ってだけだし、人の痛みを分からない無神経な人間ですよ。

 真に「強い人」は、その強さを自分以外のものを生かすた

めに使いますよ。


 「ネガティブ OK !」

 「弱くていい」

 「がんばれなくても構わない」

 「上手く生きられなくても、人生そんなもん」

 それでいいんだと思う。

 そういったことをバカにしたり、許さないのは、その社会

に許容力が無いだけの話。その社会がエゴの強い、卑しい社

だということですよ。


 自分の過去も、今の自分も、将来の自分も、自分のすべ

てがネガティブにしか見ることができないとしても、それが

自分なら、その自分を愛してやろう。
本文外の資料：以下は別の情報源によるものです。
(* One gauge of [c, d] controls the integral sums over every
   subinterval [a, b]: complete a fine division of [a, b] by fine divisions
   of [c, a] and [b, d] and compare with the integral over [c, d]. *)
Lemma KS_integral_le_subinterval_gauge p (x : R -> 'M[R]_(n, p)) c d I :
  c <= d -> KS_integral_le A x c d I ->
  forall eps, 0 < eps -> exists delta,
    (forall t, c <= t <= d -> 0 < delta t) /\
    forall a b I1 I2, c <= a -> a <= b -> b <= d ->
      KS_integral_le A x c a I1 -> KS_integral_le A x b d I2 ->
      forall m D T, tagged_division a b m D T -> delta_fine delta m D T ->
        `|KS_sum A x m D T - (I - I1 - I2)| < eps.
Proof.
move=> cd intI e e_gt0.
have [e2_gt0 e4_gt0] : 0 < e / 2 /\ 0 < e / 4 by split; rewrite divr_gt0.
have [d0 [d0_gt0 close0]] := intI _ e2_gt0.
exists d0; split => // a b I1 I2 ca ab bd intI1 intI2 m D T tD fD.
have [d1 [d1_gt0 close1]] := intI1 _ e4_gt0.
have [d2 [d2_gt0 close2]] := intI2 _ e4_gt0.
have [m1 [D1 [T1 [tD1 fD1]]]] : fine_division (fun t => Num.min (d0 t) (d1 t)) c a.
  apply: cousin ca _ => t /andP[ct ta].
  by rewrite lt_min d1_gt0 ?ct ?ta // d0_gt0 // ct (le_trans ta (le_trans ab bd)).
have [m2 [D2 [T2 [tD2 fD2]]]] : fine_division (fun t => Num.min (d0 t) (d2 t)) b d.
  apply: cousin bd _ => t /andP[bt td].
  by rewrite lt_min d2_gt0 ?bt ?td // d0_gt0 // td (le_trans (le_trans ca ab) bt).
have [m' [D' [T' [tD' fD' sum']]]] :=
  fine_division_KS_sum_cat x tD1 (delta_fine_minl fD1) tD fD.
have [m'' [D'' [T'' [tD'' fD'' sum'']]]] :=
  fine_division_KS_sum_cat x tD' fD' tD2 (delta_fine_minl fD2).
have := close0 _ _ _ tD'' fD''; rewrite sum'' sum'.
have := close1 _ _ _ tD1 (delta_fine_minr fD1).
have := close2 _ _ _ tD2 (delta_fine_minr fD2).
set S := KS_sum A x m D T; set S1 := KS_sum A x m1 D1 T1.
set S2 := KS_sum A x m2 D2 T2.
have -> : S - (I - I1 - I2) = (S1 + S + S2 - I) - (S1 - I1) - (S2 - I2).
  by apply/matrixP => i j; rewrite !mxE; ring.
have := ler_normB (S1 + S + S2 - I - (S1 - I1)) (S2 - I2).
have := ler_normB (S1 + S + S2 - I) (S1 - I1).
lra.
Qed.

Lemma KS_integral_le_restrict p (x : R -> 'M[R]_(n, p)) c a d I I1 :
  c <= a -> a <= d ->
  KS_integral_le A x c d I -> KS_integral_le A x c a I1 ->
  KS_integral_le A x a d (I - I1).
Proof.
move=> ca ad intI intI1 e e_gt0.
have [delta [delta_gt0 close]] :=
  KS_integral_le_subinterval_gauge (le_trans ca ad) intI e_gt0.
exists delta; split=> [t /andP[a_t td]|m D T tD fD].
  by apply: delta_gt0; rewrite td (le_trans ca a_t).
rewrite -[I - I1]subr0.
exact: close ca ad (lexx d) intI1 (KS_integral_le0 x d) _ _ _ tD fD.
Qed.

End KurzweilStieltjesIntegral.

Section BoundedVariation.
Variables (R : realType) (n : nat) (A : R -> 'M[R]_n).
Implicit Types (a b c p q t u v : R) (D : nat -> R).

Definition variation_ge a b (r : R) :=
  exists m D, division a b m D /\ r <= var_sum A m D.

Lemma variation_ge_le a b r r' : r' <= r -> variation_ge a b r -> variation_ge a b r'.
Proof. by move=> r'r [m [D [dD rD]]]; exists m, D; split => //; apply: le_trans rD. Qed.

Lemma var_sum_segment a b : var_sum A 1 (segment_points a b) = `|A b - A a|.
Proof. by rewrite /var_sum big_ord1. Qed.

Lemma variation_ge_segment a b : a < b -> variation_ge a b `|A b - A a|.
Proof.
move=> ab; exists 1%N, (segment_points a b).
by rewrite var_sum_segment; split; first exact: division_segment.
Qed.

Lemma variation_ge0 a b : a <= b -> variation_ge a b 0.
Proof.
rewrite le_eqVlt => /orP[/eqP <-|ab]; last exact: variation_ge_le (variation_ge_segment ab).
by exists 0%N, (fun=> a); split; [do !split | rewrite /var_sum big_ord0].
Qed.

Lemma variation_ge_cat a b c r1 r2 :
  variation_ge a b r1 -> variation_ge b c r2 -> variation_ge a c (r1 + r2).
Proof.
move=> [m1 [D1 [dD1 r1D]]] [m2 [D2 [dD2 r2D]]].
have glue : D1 m1 = D2 0%N by case: dD1 => _ [-> _]; case: dD2 => ->.
exists (m1 + m2)%N, (cat_points m1 D1 D2); split; first exact (division_cat glue dD1 dD2).
rewrite /var_sum (big_cat_cells m2 glue (fun=> 0) (fun=> 0) (fun u v _ => `|A v - A u|)).
exact: lerD.
Qed.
「良い」「悪い」は脇

にどけて、ポジティブでもネガティブでもなく、許してやろ

う、認めてやろう、その、そのままを抱きしめてやろう。

 そこには、“真のポジティブ性” とでも言うべき、〈生〉

の暖かさ・明るさがあるだろう。「生きている」ということ

は、そこにエネルギーがあるということだと、誰も疑うこと

はできないのだから。

 そしてそこから、わたしたちの本来持つ〈生〉が、大きく

伸びをするように、息づき始めるだろう・・・。


 社会の《ポジティブ・プロパガンダ》はこれからも続く。

 “ポジティブ” を疑うことは、大事だと思うね。それが、

自然に生まれる “真のポジティブ性” かどうかね。